# Memphis 16- ST1000D



## big pimpin (Nov 22, 2001)

Driving along wit the beat playing and the sub amp shut off. Found the fuse for the amp power under the hood blew. Went to put another fuse in and it sparked. Disconnected the power to the amp and then I could install a fuse without it sparking. So it seems the amp is grounding out. Took the bottom plate off and don't see anything burned on he board nor does it smell burnt.
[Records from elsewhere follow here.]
Let b : R := B%:R.
Let e : R := 1 - fidelity P Psig mu Sigma.
Let x := P L * (lamA Psig mu Sigma' L - lamA Psig mu Sigma L).
Let y := P H * (lamA Psig mu Sigma' H - lamA Psig mu Sigma H).
Let gain n := x * util_gap (v n) L + y * util_gap (v n) H.

Let Sigma_valid : forall n, valid_strategy (Sigma n) := Sigma_regular.1.

Let b_ge1 : 1 <= b. Proof. by rewrite ler1n. Qed.

Let lam_bounds w :
  0 <= lamA Psig mu Sigma w <= 1 /\ 0 <= lamA Psig mu Sigma' w <= 1.
Proof. by split; apply: lamA_ge0_le1. Qed.

Let e_ge0 : 0 <= e.
Proof. by rewrite subr_ge0 fidelity_le1. Qed.

Let x_ge_Ne : - e <= x.
Proof.
rewrite /x /e one_sub_fidelity //.
have [/andP[? ?] /andP[? ?]] := lam_bounds L; have [/andP[? ?] _] := lam_bounds H.
have := P_ge0 L; have := P_ge0 H; nra.
Qed.

Let y_le_e : y <= e.
Proof.
rewrite /y /e one_sub_fidelity //.
have [/andP[? ?] /andP[? ?]] := lam_bounds H; have [/andP[? ?] _] := lam_bounds L.
have := P_ge0 L; have := P_ge0 H; nra.
Qed.

Let x_le0_of_friendly : (forall m, m \in D -> friendly (v m)) -> x <= 0.
Proof.
move=> D_friendly; apply: mulr_ge0_le0 => //; rewrite subr_le0.
apply: lamA_mono => // m; have [mD|mD] := boolP (m \in D); last by rewrite Sigma'_out.
rewrite (Sigma_regular.2.1 m (D_friendly m mD)) probA_always_A //.
by case/andP: (probA_ge0_le1 Psig_ge0 Psig_sum1 L (Sigma'_valid m)).
Qed.

Let y_ge0_of_unfriendly : (forall m, m \in D -> unfriendly (v m)) -> 0 <= y.
Proof.
move=> D_unfriendly; apply: mulr_ge0 => //; rewrite subr_ge0.
apply: lamA_mono => // m; have [mD|mD] := boolP (m \in D); last by rewrite Sigma'_out.
rewrite (Sigma_regular.2.2 m (D_unfriendly m mD)) probA_never_A //.
by case/andP: (probA_ge0_le1 Psig_ge0 Psig_sum1 H (Sigma'_valid m)).
Qed.

Let gap_bounds n w : - b <= util_gap (v n) w /\ util_gap (v n) w <= b.
Proof. exact: util_gap_bounds. Qed.

Let gap_LH n : util_gap (v n) L <= util_gap (v n) H :> R.
Proof. by case: (v_mon n); apply: util_gap_LH. Qed.

Let gain_le_friendly n : friendly (v n) ->
  (forall m, m \in D -> 0 <= gain m) -> gain n <= b * (b + 1) * e.
Proof.
move=> fr_n D_gain; have [_ gH_le] := gap_bounds n H.
have gL_ge0 : 0 <= util_gap (v n) L :> R.
  have : 1 <= util_gap (v n) L :> R by apply: util_gap_ge1; case/and3P: fr_n.
  lra.
have [/forall_inP D_fr | /forall_inPn[m mD nfr_m]] :=
  boolP [forall m in D, friendly (v m)].
  apply: gain_le_of_x_le0 => //; first exact: x_le0_of_friendly.
  exact: le_trans (gap_LH n).
have gLm_le : util_gap (v m) L <= -1 :> R.
  apply: util_gap_le_Nnat1; case: (v_types m) => [fr_m|[/unfriendly_LA_lt_LR //|/andP[] //]].
  by rewrite fr_m in nfr_m.
have [_ gHm_le] := gap_bounds m H.
exact: gain_le_of_rival gL_ge0 (gap_LH n) gH_le gLm_le (gap_LH m) gHm_le (D_gain m mD).
Qed.

Let gain_le_unfriendly n : unfriendly (v n) ->
  (forall m, m \in D -> 0 <= gain m) -> gain n <= b * (b + 1) * e.
Proof.
move=> unf_n D_gain; have [gL_ge _] := gap_bounds n L.
have gH_le0 : util_gap (v n) H <= 0 :> R.
  have : util_gap (v n) H <= -1 :> R by apply: util_gap_le_Nnat1; case/and3P: unf_n.
  lra.
(* Swapping the two states and the two outcomes turns the unfriendly case into the
   friendly one. *)
have gain_sym m : gain m = - y * - util_gap (v m) H + - x * - util_gap (v m) L.
  by rewrite /gain mulrNN addrC mulrNN.
rewrite gain_sym.
have [/forall_inP D_unf | /forall_inPn[m mD nunf_m]] :=
  boolP [forall m in D, unfriendly (v m)].
  apply: gain_le_of_x_le0; rewrite ?oppr_le0 ?oppr_ge0 // 1?lerNl //.
    exact: y_ge0_of_unfriendly.
  exact: le_trans (gap_LH n) gH_le0.
have gHm_ge : 1 <= util_gap (v m) H :> R.
  apply: util_gap_ge1; case: (v_types m) => [/friendly_HR_lt_HA //|[unf_m|/andP[] //]].
  by rewrite unf_m in nunf_m.
have := D_gain m mD; rewrite gain_sym => gain_m.
have [gLm_ge _] := gap_bounds m L.
apply: (gain_le_of_rival _ _ _ _ _ _ _ _ gain_m);
  by rewrite ?oppr_ge0 ?lerN2 ?gap_LH // 1?lerNl.
Qed.

Let gain_le_contingent n : contingent (v n) -> gain n <= b * (b + 1) * e.
Proof.
case/andP=> lt_H lt_L.
have gH_ge1 : 1 <= util_gap (v n) H :> R by apply: util_gap_ge1.
have gL_le : util_gap (v n) L <= -1 :> R by apply: util_gap_le_Nnat1.
have [gL_ge _] := gap_bounds n L; have [_ gH_le] := gap_bounds n H.
apply: gain_le_opposite_signs => //.
  exact: le_trans gL_le (lerN10 R).
exact: le_trans ler01 gH_ge1.
Qed.

Lemma coalition_gain_le :
  (forall m, m \in D ->
     exp_util P Psig mu (v m) Sigma <= exp_util P Psig mu (v m) Sigma') ->
  forall n, n \in D ->
    exp_util P Psig mu (v n) Sigma' - exp_util P Psig mu (v n) Sigma <= b * (b + 1) * e.
Proof.
move=> D_weak.
have gain_eq m : exp_util P Psig mu (v m) Sigma' - exp_util P Psig mu (v m) Sigma = gain m.
  by rewrite exp_util_sub // /gain /x /y !mulrA.
have D_gain m : m \in D -> 0 <= gain m by move=> mD; rewrite -gain_eq subr_ge0 D_weak.
move=> n _; rewrite gain_eq.
case: (v_types n) => [fr_n | [unf_n | con_n]].
- exact: gain_le_friendly.
- exact: gain_le_unfriendly.
- exact: gain_le_contingent.
Qed.

End Deviation.

Theorem lemma1 (R : realType) (N : nat) (P : world -> R)
  (Psig : signal -> world -> R) (mu : R) (B : nat)
  (v : 'I_N -> world -> outcome -> nat) (aF aU aC : R)
  (Sigma : 'I_N -> strategy R) :
  (0 < N)%N ->
  (* common prior *)
  0 < P L -> 0 < P H -> P L + P H = 1 ->
  (* signal likelihoods *)
  (forall x w, 0 <= Psig x w) ->
  (forall w, Psig sl w + Psig sh w = 1) ->
  Psig sh H > Psig sh L -> Psig sl H < Psig sl L ->
  (* threshold *)
  0 < mu < 1 ->
  (* utilities with values in {0, ..., B}, B a positive integer *)
  (0 < B)%N ->
  (forall n w o, (v n w o <= B)%N) ->
  (forall n, (v n H oA > v n L oA)%N /\ (v n H oR < v n L oR)%N) ->
  (* every agent is friendly, unfriendly or contingent *)
  (forall n, friendly (v n) \/ unfriendly (v n) \/ contingent (v n)) ->
  (* population fractions *)
  0 <= aF -> 0 <= aU -> 0 <= aC -> aF + aU + aC = 1 ->
  (#|[set n | friendly (v n)]| : int) = Num.floor (aF * N%:R) ->
  (#|[set n | unfriendly (v n)]| : int) = Num.floor (aU * N%:R) ->
  (* standing assumption *)
  aF < mu -> aU < 1 - mu ->
  regular v Sigma ->
  eps_strong_BNE P Psig mu v
    (2 * B%:R * (B%:R + 1) * (1 - fidelity P Psig mu Sigma)) Sigma.
Proof.
move=> _ PL_gt0 PH_gt0 P_sum1 Psig_ge0 Psig_sum1 _ _ _ B_gt0 v_le_B v_mon v_types
  _ _ _ _ _ _ _ _ Sigma_regular.
case=> D [Sigma' [Sigma'_valid Sigma'_out D_weak [n nD n_gain]]].
have P_ge0 w : 0 <= P w by case: w; apply: ltW.
have := coalition_gain_le P_ge0 P_sum1 Psig_ge0 Psig_sum1 B_gt0 v_le_B v_mon v_types
  Sigma_regular Sigma'_valid Sigma'_out D_weak nD.
have := fidelity_le1 mu Psig_ge0 Psig_sum1 P_ge0 P_sum1 Sigma_regular.1.
rewrite -subr_ge0 => e_ge0 gain_le.
(* The coalition bound is B(B+1)e, so the factor 2 in the statement is slack. *)
have : 0 <= B%:R * (B%:R + 1) * (1 - fidelity P Psig mu Sigma) :> R.
  by rewrite !mulr_ge0 // addr_ge0.
lra.
Qed.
Anything I can or should test?


----------



## 79 cutty (Sep 27, 2005)

Are your wires pinched anywhere? Or another thing to look for if you blew the inline fuse...did you look at the fuses on the amp itself?


----------



## xSSive (Apr 26, 2004)

> _Originally posted by 79 cutty_@Jul 29 2008, 08:17 AM~11204556
> *Are your wires pinched anywhere? Or another thing to look for if you blew the inline fuse...did you look at the fuses on the amp itself?
> *





I bet your power wire is rubbing on something and has exposed bare wire somewhere.


----------



## big pimpin (Nov 22, 2001)

The amp itself did not blow its internal fuses. The installation was tight so I didn't think the power wire itself was grounding out.....the only place it could be would be on the amp itself because after I disconnected the power wire off the amp I could then plug the fuse back in without blowing it. hhhmmmm...
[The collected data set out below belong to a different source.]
Theorem proposition3p2 (R : realType) (n : nat) (theta : R -> R)
  (Phi : 'rV[R]_n.+1 -> R) (U : set 'rV[R]_n.+1) (eta : R)
  (x : R -> 'rV[R]_n.+1) :
  (0 < n)%N ->
  is_kernel theta ->
  open U -> simplex n `<=` U ->
  smooth_on U Phi -> lipschitz_on_set U Phi ->
  0 < eta ->
  (forall t : R, 0 < t ->
     [/\ simplex_relint n (x t),
         derivable x t 1,
         derivable (derive1 x) t 1 &
         forall a : 'I_n.+1,
           derive1 (derive1 x) t 0 a = ID_rhs theta Phi eta (x t) (derive1 x t) a]) ->
  derive1 x t @[t --> +oo] --> 0.
Proof.
move=> _ theta_kernel oU simplexU [dPhi cPhi] [L PhiL] eta0 x_ID.
exact: (velocity_cvg0 theta_kernel oU simplexU (fun p v => dPhi [::] v p)
  (fun v => cPhi [:: v]) PhiL eta0 x_ID).
Qed.
(* [p * tperm a c] splits the cycle of [p] through [a] and [c] into an [a]-side
   and a [c]-side; cutting [x] out of its cycle keeps [b] and [e] on their sides. *)
Lemma split_side_mul_tperm_cut p a b c e x :
  let a' := if x == a then p x else a in let p' := (p * tperm x (p x))%g in
  a != c -> b != a -> x != c -> x != b -> x != e -> p x != x ->
  c \in porbit p a -> b \in porbit (p * tperm a c)%g a ->
  e \in porbit (p * tperm a c)%g c ->
  [/\ a' != c, c \in porbit p' a', b \in porbit (p' * tperm a' c)%g a'
    & e \in porbit (p' * tperm a' c)%g c].
Proof.
move=> a' p' ac ba xc xb xe pxx cp bpsi epsi.
set psi := (p * tperm a c)%g in bpsi epsi.
have pac : x == a -> p x != c.
  move=> /eqP xa; apply: contra_neq ba => pxc.
  have psia : psi a = a by rewrite /psi permM -xa pxc tpermR xa.
  exact: porbit_fixed psia bpsi.
have a'c : a' != c by rewrite /a'; case: (eqVneq x a) => // /eqP /pac.
have a'x : a' != x by rewrite /a'; case: (eqVneq x a) => [_|xa]; rewrite // eq_sym.
have a'p : a' \in porbit p a.
  rewrite /a'; case: (eqVneq x a) => [<-|_]; last exact: porbit_id.
  by rewrite porbit_fconnect fconnect1.
have a'psi : a' \in porbit psi a.
  rewrite /a'; case: (eqVneq x a) => [xa|_]; last exact: porbit_id.
  rewrite porbit_fconnect; apply: connect1; rewrite /= /psi permM -xa tpermD //.
    by rewrite eq_sym.
  by rewrite eq_sym pac // xa.
have psiE : (p' * tperm a' c)%g = (psi * tperm x (psi x))%g.
  apply/permP => z; rewrite /psi /p' !permM.
  by apply: tperm_tperm_if; rewrite // eq_sym.
split=> //; rewrite ?psiE; apply: porbit_mul_tperm_cut => //;
  by rewrite 1?eq_sym ?(porbit_eq a'p) ?(porbit_eq a'psi).
Qed.
End FaceSplit.

(** * Crossing walks in maps of genus 0 *)

Section MapWalks.
Variables (D : finType) (al : {perm D}).
Implicit Types (sg : {perm D}) (a b c e g u v w x y z : D) (A B P Q : seq D).

Definition map_connected sg := forall u w, connect (map_rel al sg) u w.

Definition genus0 sg :=
  ncycles al + ncycles sg + ncycles (al * sg)%g = #|D| + 2 /\ map_connected sg.

(* Vertices are the [sg]-cycles; the walk leaves the vertex of [u] along the
   darts of [P] in turn and arrives at the vertex of [w]. *)
Fixpoint map_walk sg u P w : bool :=
  if P is g :: P' then (g \in porbit sg u) && map_walk sg (al g) P' w
  else w \in porbit sg u.

Definition walk_darts u P w := [:: u, w & P ++ map al P].

Definition vertex_disjoint sg A B :=
  forall z w, z \in A -> w \in B -> w \notin porbit sg z.

Lemma map_walk_connect sg u P w : map_walk sg u P w -> connect (map_rel al sg) u w.
Proof.
elim: P u => [|g P IH] u /=; first exact: porbit_map_rel.
case/andP => /(porbit_map_rel al) ug /IH; apply: connect_trans.
by apply: connect_trans ug _; apply: connect1; rewrite /map_rel eqxx.
Qed.

Lemma map_walk_start sg u v P w :
  v \in porbit sg u -> map_walk sg v P w -> map_walk sg u P w.
Proof.
case: P => [|g P] /= vu; first exact: porbit_trans.
by case/andP => /(porbit_trans vu) -> ->.
Qed.

Lemma map_walk_mono sg sg' u P w :
  (forall z, z \in u :: map al P -> porbit sg z \subset porbit sg' z) ->
  map_walk sg u P w -> map_walk sg' u P w.
Proof.
elim: P u => [|g P IH] u /= sub; first by move/(subsetP (sub u (mem_head _ _))).
case/andP => /(subsetP (sub u (mem_head _ _))) -> /IH -> // z zP.
by apply: sub; rewrite inE zP orbT.
Qed.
But I will double check that guys tonight....good looking out. I'll let you know. Thanks.


----------



## xSSive (Apr 26, 2004)

> _Originally posted by big pimpin_@Jul 29 2008, 08:45 AM~11204706
> *The amp itself did not blow its internal fuses.      The installation was tight so I didn't think the power wire itself was grounding out.....the only place it could be would be on the amp itself because after I disconnected the power wire off the amp I could then plug the fuse back in without blowing it.   hhhmmmm...
> But I will double check that guys tonight....good looking out.  I'll let you know. Thanks.
> *




Oh shit, misread your first post. I thought you meant you unplugged it from the battery and it would stop sparking.
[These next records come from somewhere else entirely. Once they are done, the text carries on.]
Lemma measurable_some_block_without_ucb a L N :
  measurable (some_block_without_ucb a L N).
Proof. by apply: bigsetU_measurable => k _; apply: measurable_no_ucb_step. Qed.

Lemma probability_some_block_without_ucb_le a L N :
  (P (some_block_without_ucb a L N) <= (N.+1%:R * (1 - p) ^+ L)%:E)%E.
Proof.
apply: le_trans (@Boole_inequality _ _ _ P (fun k => no_ucb_step (a + k * L) L) N.+1 _) _.
  by move=> k _; apply: measurable_no_ucb_step.
rewrite (eq_bigr _ (fun k _ => probability_no_ucb_step _ _)).
by rewrite sumEFin sumr_const card_ord mulr_natl.
Qed.

Lemma ucb_step_in_each_block w a L N : ~ some_block_without_ucb a L N w ->
  forall k, (k <= N)%N -> has (fun t => q t w == 1) (iota (a + k * L) L).
Proof.
move=> not_some k kN; apply/hasP; apply: contrapT => no_step; apply: not_some.
rewrite /some_block_without_ucb -(bigcup_mkord _ (fun k => no_ucb_step (a + k * L) L)).
exists k => //; rewrite /no_ucb_step -bigcap_seq => t tin /=.
have [_ [q01 _]] := q_bernoulli t.
by case: (q01 w) => // qt1; case: no_step; exists t; rewrite ?qt1.
Qed.

End ucb_coin_flips.

Lemma negligible_bigcap_small (R : realType) (d0 : measure_display)
    (T : measurableType d0) (mu : {measure set T -> \bar R})
    (E : nat -> set T) (D : set nat) :
  (forall m, measurable (E m)) ->
  (forall e : R, 0 < e -> exists2 m, D m & (mu (E m) <= e%:E)%E) ->
  mu.-negligible (\bigcap_(m in D) E m).
Proof.
move=> E_meas small; have capE_meas : measurable (\bigcap_(m in D) E m).
  by apply: bigcap_measurableType => m _; apply: E_meas.
apply/negligibleP => //; apply/eqP; rewrite eq_le measure_ge0 andbT.
apply/lee_addgt0Pr => e e0; rewrite add0e; have [m Dm muE] := small e e0.
by apply: le_trans muE; apply: le_measure; rewrite ?inE // => w /(_ m Dm).
Qed.

Lemma geometric_eventually_le (R : realType) (x c e : R) : 0 <= x < 1 -> 0 < e ->
  exists m, forall n, (m <= n)%N -> c * x ^+ n <= e.
Proof.
move=> /andP[x0 x1] e0.
have cx : (fun n => c * x ^+ n) @ \oo --> 0.
  by rewrite -(mulr0 c); apply: cvgM; [exact: cvg_cst|apply: cvg_expr; rewrite ger0_norm].
have [m _ small] := cvgr_dist_lt _ _ cx _ e0.
exists m => n mn; apply: le_trans (ler_norm _) _.
by rewrite -normrN -sub0r ltW // small.
Qed.

Lemma fixed_bandwidth_fill_dist_le (R : realType) (d : nat) (X : set 'rV[R]_d)
    (f Psi : 'rV[R]_d -> R) (RPsi MPsi : R) (beta : nat -> R) (p : R) (T0 : nat)
    (ell : R) (d0 : measure_display) (T : measurableType d0) (P : probability T R)
    (q eps : nat -> T -> R) (xs : nat -> T -> 'rV[R]_d) :
  compact X -> A3 Psi RPsi MPsi -> 0 < p <= 1 -> 0 < ell ->
  bernoulli_seq P p q -> indep_q_eps P q eps ->
  boke_plus_run X f Psi (fun=> ell) beta T0 q eps xs ->
  {ae P, forall w, (ereal_inf (range (fill_dist X (fun i => xs i w)))
                    <= (RPsi * ell)%:E)%E}.
Proof.
move=> cX Psi_A3 /andP[p0 p1] ell0 q_bern indep run.
have q01 : 0 <= 1 - p < 1 by apply/andP; split; lra.
have [r0 r00 Psi_pos] := A3_Psi_gt0_near0 Psi_A3.
have [N pack] := compact_packing_bound cX (mulr_gt0 r00 ell0).
apply: negligibleS (negligible_bigcap_small (D := setT)
  (E := fun L => some_block_without_ucb q T0 L N) _ _).
- move=> w /= fill_gt L _ /=; apply: contrapT => not_some.
  have hit k kN := ucb_step_in_each_block q_bern not_some (k := k) kN.
  apply: fill_gt; apply: ge_ereal_inf.
  have [t fill_le] := ucb_window_fill_dist_le Psi_A3 Psi_pos run ell0 pack (leqnn _)
    (fun _ _ => erefl) hit.
  by exists (fill_dist X (fun i => xs i w) t) => //; exists t.
- by move=> L; apply: measurable_some_block_without_ucb.
- move=> e e0; have [L small] := geometric_eventually_le N.+1%:R q01 e0.
  exists L => //.
  apply: le_trans (probability_some_block_without_ucb_le q_bern indep _ _ _) _.
  by rewrite lee_fin small.
Qed.

Lemma sum_ord_ltn (t K : nat) : (\sum_(k < t) (k < K))%N = minn t K.
Proof.
by elim: t => [|t IH]; rewrite ?big_ord0 ?min0n // big_ord_recr /= IH; case: ltnP; lia.
Qed.

Section step_index.
Variable s : nat -> nat.
Hypothesis s_incr : forall k, (s k < s k.+1)%N.

(* The index [k] of the step [[s k, s k.+1)] containing [t]. *)
Definition step_index (t : nat) : nat := (\sum_(k < t) (s k.+1 <= t))%N.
Try your remote wire possibly?


----------



## big pimpin (Nov 22, 2001)

> _Originally posted by xSSive_@Jul 29 2008, 09:58 AM~11204775
> *Oh shit, misread your first post.  I thought you meant you unplugged it from the battery and it would stop sparking.
> 
> Try your remote wire possibly?
> *


Well the remote wire just tells the amp to turn on and off. The fuse that blew is on the main power wire for the amp. I need to test it with a meter to see if its truly grounding out internal but I'm not sure exactly what setting to put the tester on.


----------



## 79 cutty (Sep 27, 2005)

> _Originally posted by big pimpin_@Jul 29 2008, 09:09 AM~11205160
> *Well the remote wire just tells the amp to turn on and off.  The fuse that blew is on the main power wire for the amp.    I need to test it with a meter to see if its truly grounding out internal but I'm not sure exactly what setting to put the tester on.
> *


Put the tester on 12 volt. 

The fuses within the amp can still blow even if it was just your remote wire grounding out. 

If you want to narrow it down put in fuses....install power wire with no remote, and remote with no power wire....that should tell you which one has the issue.


----------



## 79 cutty (Sep 27, 2005)

Also...it is not uncommon for remote wires to come loose from back of deck......check to see if remote wire is grounding out behind deck. 

(just a couple options for you to look into, chances are good something is just grounding out, and it is not the amp)


----------



## big pimpin (Nov 22, 2001)

> _Originally posted by 79 cutty_@Jul 29 2008, 11:14 AM~11205199
> *Put the tester on 12 volt.
> 
> The fuses within the amp can still blow even if it was just your remote wire grounding out.
> ...



Well what I wanted to do was set the tester to read the postive terminal on the amp (no power connected) and see if it shows a ground. That way I know if it was the amp for sure or not. 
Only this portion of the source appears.